"And it is just as well," she continued, with a bitter little laugh, "that there isn't, for it's a deadly, dreary time--"

"All times are dreary," assented the tall man in a low voice, rapidly, passionately, "when there is no one who cares--"

"There is my husband," she interrupted, this time with a nervous laugh. The answer fitted doubly, for she turned to a figure which at that moment came out of the soft rose-tinted light of the room within, and said in a faintly fretful tone, "You don't mean to say, George, surely, that you've been working till now?"

"Working!" echoed George Langford, absently. "Yes! why not? Ah! is that you, Campbell? Brought the missus home, like a good chap. Sorry I couldn't come, my dear; but there was a beastly report overdue, so now I've only time for a spin on the bicycle before dinner, for I must have some exercise. By the way, Laura, you'd better send off your home letter without mine. I really haven't had time to write to the boys this mail."
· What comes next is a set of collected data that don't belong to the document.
Lemma is_lim_nondecreasing_bounded (f : R -> R) B :
  (forall t t', 0 <= t <= t' -> f t <= f t') -> (forall t, 0 <= t -> f t <= B) ->
  exists l, l <= B /\ is_lim f p_infty l.
Proof.
  intros Hmon HB.
  set (E := fun y => exists t, 0 <= t /\ y = f t).
  destruct (completeness E) as [l [Hub Hlub]].
  - exists B. intros y [t [Ht ->]]. auto.
  - exists (f 0), 0. split; lra.
  - exists l. split.
    { apply Hlub. intros y [t [Ht ->]]. auto. }
    apply is_lim_spec. intros eps.
    destruct (classic (exists t0, 0 <= t0 /\ l - eps < f t0)) as [[t0 [Ht0 Hlt]] | Hno].
    + exists t0. intros t Ht. assert (f t0 <= f t) by (apply Hmon; lra).
      assert (f t <= l) by (apply Hub; exists t; split; [lra | auto]).
      rewrite Rabs_left1; lra.
    + exfalso. assert (l <= l - eps).
      { apply Hlub. intros y [t [Ht ->]]. apply Rnot_lt_le. intros Hlt. apply Hno. eauto. }
      pose proof (cond_pos eps). lra.
Qed.

Definition cdf (g : R -> R) (t : R) : R := RInt g 0 t.

Lemma is_derive_cdf (g : R -> R) t : (forall x, continuous g x) -> is_derive (cdf g) t (g t).
Proof. apply is_derive_RInt_R. Qed.

Lemma Derive_cdf (g : R -> R) t :
  (forall x, continuous g x) -> Derive (fun x : R => cdf g x) t = g t.
Proof. intros Hg. apply is_derive_unique, is_derive_cdf, Hg. Qed.

Lemma cdf_continuous (g : R -> R) t : (forall x, continuous g x) -> continuous (cdf g) t.
Proof. intros Hg. apply ex_derive_continuous_R. eexists. apply is_derive_cdf, Hg. Qed.

Lemma survival_continuous (g : R -> R) u :
  (forall x, continuous g x) -> continuous (fun u => 1 - cdf g u) u.
Proof. intros Hg. apply continuous_minus_R; [apply continuous_const | apply cdf_continuous, Hg]. Qed.

(** * The Gaussian integral *)

Definition gauss (z : R) : R := exp (- (z * z)).

Definition gauss_int (x : R) : R := RInt gauss 0 x.

Lemma gauss_continuous x : continuous gauss x.
Proof. apply ex_derive_continuous_R. unfold gauss. auto_derive. auto. Qed.

Lemma is_derive_gauss_int x : is_derive gauss_int x (gauss x).
Proof. apply is_derive_RInt_R, gauss_continuous. Qed.

Lemma Derive_gauss_int y : Derive (fun x : R => gauss_int x) y = gauss y.
Proof. apply is_derive_unique, is_derive_gauss_int. Qed.

Lemma gauss_int_nonneg x : 0 <= x -> 0 <= gauss_int x.
Proof.
  intros Hx. apply RInt_ge_0; auto.
  - apply ex_RInt_continuous_R, gauss_continuous.
  - intros; left; apply exp_pos.
Qed.

Lemma gauss_int_odd x : gauss_int (- x) = - gauss_int x.
Proof.
  unfold gauss_int.
  assert (Hlin := RInt_comp_lin (V := R_CompleteNormedModule) gauss (-1) 0 0 x
                    (ex_RInt_continuous_R _ _ _ gauss_continuous)).
  replace (-1 * 0 + 0) with 0 in Hlin by ring. replace (-1 * x + 0) with (- x) in Hlin by ring.
  rewrite <- Hlin, <- (RInt_opp (V := R_CompleteNormedModule))
    by apply ex_RInt_continuous_R, gauss_continuous.
  apply RInt_ext. intros y _. unfold gauss. change (-1 * exp (- ((-1 * y + 0) * (-1 * y + 0)))
    = - exp (- (y * y))). replace ((-1 * y + 0) * (-1 * y + 0)) with (y * y) by ring. ring.
Qed.

(* The classical trick: [gauss_int x ^ 2 + gauss_aux x] has derivative zero. *)
Definition gauss_aux_integrand (x t : R) : R := exp (- (x * x) * (1 + t * t)) / (1 + t * t).

Definition gauss_aux (x : R) : R := RInt (gauss_aux_integrand x) 0 1.

Lemma is_derive_gauss_aux_integrand x t :
  is_derive (fun u => gauss_aux_integrand u t) x (-2 * x * exp (- (x * x) * (1 + t * t))).
Proof.
  assert (0 < 1 + t * t) by nra.
  unfold gauss_aux_integrand. auto_derive; [lra|]. field. lra.
Qed.

Lemma ex_RInt_gauss_aux_integrand x a b : ex_RInt (gauss_aux_integrand x) a b.
Proof.
  apply ex_RInt_continuous_R. intros t. apply ex_derive_continuous_R.
  unfold gauss_aux_integrand. auto_derive. nra.
Qed.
He was busy now, in the same absent, preoccupied, yet energetic way, in seeing to the machine, which a red-coated servant held for him; but he looked up quickly at his wife's reply--

"I haven't written either."

"Haven't you? That's a pity," he began, then paused, with a vaguely unquiet look at her and her tall companion, which merged, however, into a good-natured smile. "Well, they won't know it was Christmas mail anyhow. 'Pon my soul I'd forgotten it myself, Campbell, or I'd have made a point.... But there's the devil of a crush of work just now, though I shall clear some of the arrears off to-morrow. That's about the only good of a holiday to me!" He was off as he spoke--a shadow gliding into the shadows, where the red hands of the poinsettias and the white stars of the oleanders showed fainter as the dusk deepened.

But he left a pair of covetous, entreating hands and a white face behind him in the verandah, between the rosy light of comfort from within and the grey gloom of the world without.

"It cannot go on--this sort of thing--for ever," said the man, still in that low, passionate voice. "It will kill--"

"Kill him? Do you think so?" she interrupted, still with that little half-nervous, half-bitter laugh. "I don't; he's awfully strong and awfully clever, you know."